The researchers state in the paper that a company’s relatedness is an important metric for analytics-minded managers to identify potential partners, competitors, and alliance or acquisition targets. The study shows that their proposed measure provides greater detail and has proved itself to be useful in high-tech merger and acquisition analytics, according to the authors.
To accurately organize the tens of thousands of small startup businesses in the dataset, Shi and his co-authors first looked at how to find similarities between the companies. They analyzed the overlap in business areas, such as the geographic distance, the employees, and the investors between two companies.
“How can we measure the business similarity of two startups?” Shi asks.
The researchers gathered data between April 2013 and April 2015. The companies and their information were collected at the beginning of the period and limited to U.S.-based companies, excluding those missing basic information, such as founding date and business description.
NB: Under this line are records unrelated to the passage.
Lemma sum_excess_ge0 S1 S2 : separating F ->
  S1 \in small_part F -> S2 \in small_part F -> S1 :|: S2 = B ->
  (0 <= \sum_(A in F) excess A)%R.
Proof.
move=> sepF small1 small2 U; apply: le_trans sum_excess_ge_split.
case: (boolP [exists X in F, exists Y in F, (X \proper Y) && (Y \proper B)]).
  case/exists_inP => X FX /exists_inP[Y FY /andP[pXY pYB]].
  exact/excess_ge0_of_below/(two_chain_below_excess_ge sepF FX FY pXY pYB small1 small2 U).
move=> no_chain2.
have no_chain X Y : X \in F -> Y \in F -> X \proper Y -> ~~ (Y \proper B).
  move=> FX FY pXY; apply: contra no_chain2 => pYB.
  by apply/exists_inP; exists X => //; apply/exists_inP; exists Y; rewrite ?pXY.
have [inner0 | [A0 iA0]] := set_0Vmem inner.
  exact/excess_ge0_of_below/inner0_below_excess_ge.
exact: no_chain_excess_ge0 iA0 no_chain sepF.
Qed.

End Core.

Theorem theorem2p1 (n : nat) (F : {set {set 'I_n}}) :
  union_closed F -> separating F -> bU F = [set: 'I_n] ->
  height F = 4 -> 4 <= n ->
  (exists S, is_B F S /\ #|S| <= 2) ->
  ((n%:R / 2%:R : rat) <= Avg F)%R.
Proof.
move=> [[X0 FX0 _] closedF] sepF bUF height_F n_ge4 [S [isB cardS]].
have F_n0 : F != set0 by apply/set0Pn; exists X0.
have setT_F : setT \in F by rewrite -bUF; apply: bigcup_mem_closed.
apply: Avg_ge_half F_n0 _.
case/andP: isB => /and3P[sS_small _ /eqP eqU] _.
have small_F : small_part F \subset F by apply/subsetP => A; rewrite inE => /andP[].
have [small0 | small_n0] := eqVneq (small_part F) set0.
  apply: sumr_ge0 => A FA; have : A \notin small_part F by rewrite small0 inE.
  by rewrite inE FA -leqNgt /excess; lia.
have [S1 [S2 [small1 small2 eqB]]] := bigcup_eq_setU2 sS_small cardS small_n0 eqU.
have B_F : S1 :|: S2 \in F by rewrite -eqB; apply: bigcup_mem_closed.
have B_proper : S1 :|: S2 \proper setT.
  rewrite properEcard subsetT cardsT card_ord.
  apply: leq_ltn_trans (leq_card_setU S1 S2).1 _.
  by move: small1 small2; rewrite !inE -!mul2n => /andP[_ ?] /andP[_ ?]; lia.
have small_sub_B A : A \in small_part F -> A \subset S1 :|: S2.
  by rewrite -eqB; apply: bigcup_sup.
exact: (sum_excess_ge0 closedF setT_F (eq_leq height_F) n_ge4 B_F B_proper small_sub_B
  sepF small1 small2 erefl).
Qed.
Their dataset contained 24,382 companies, many of which were privately held and early-stage startups.
To uncover topics in the business descriptions, the researchers used a text-mining technique called topic modeling, a statistical method that discovers abstract “topics” from an extensive collection of documents. Then they took that text, converted it to a vector of numbers, and compared the two vectors to get a similarity measure, Shi says.
“The challenge is how can we translate a piece of text into some numbers, and that goes to the core of our research,” he says.
To validate this method, Shi and his co-authors tracked three types of inter-firm interactions: mergers and acquisitions (M&As), where one firm acquires another; investments, where one firm invests in another; and job mobility, where an employee changes jobs from one company to another. Their dataset included a total of 1,689 M&As since 2008.
In their research paper, Shi and his coauthors state, “Our research shows how big data analytics can potentially transform competitive intelligence, particularly for the high-tech industry, where recent years have seen an ‘entrepreneurial boom’ characterized by the explosion of digital startups. Such explosion has made it ever more difficult to purely rely on individuals’ industry knowledge to depict the rapidly changing landscape of the startup world. Our empirical analysis demonstrates the potential of extracting economically meaningful information from publicly available, unstructured data through large-scale computation as well as the value of the proposed business proximity measure as an important metric in the analytics of M&A matching and as a search tool for navigating the networked startup world.”
Shi, who teaches master’s courses in the business analytics program at the W. P. Carey School of Business, will turn his sights to the crowded mobile app market on the Apple platform for his next research endeavor.
“I’m excited about the new data science techniques, and I’m thinking of ways to leverage these tools to transform how we do certain things in economics research,” he says.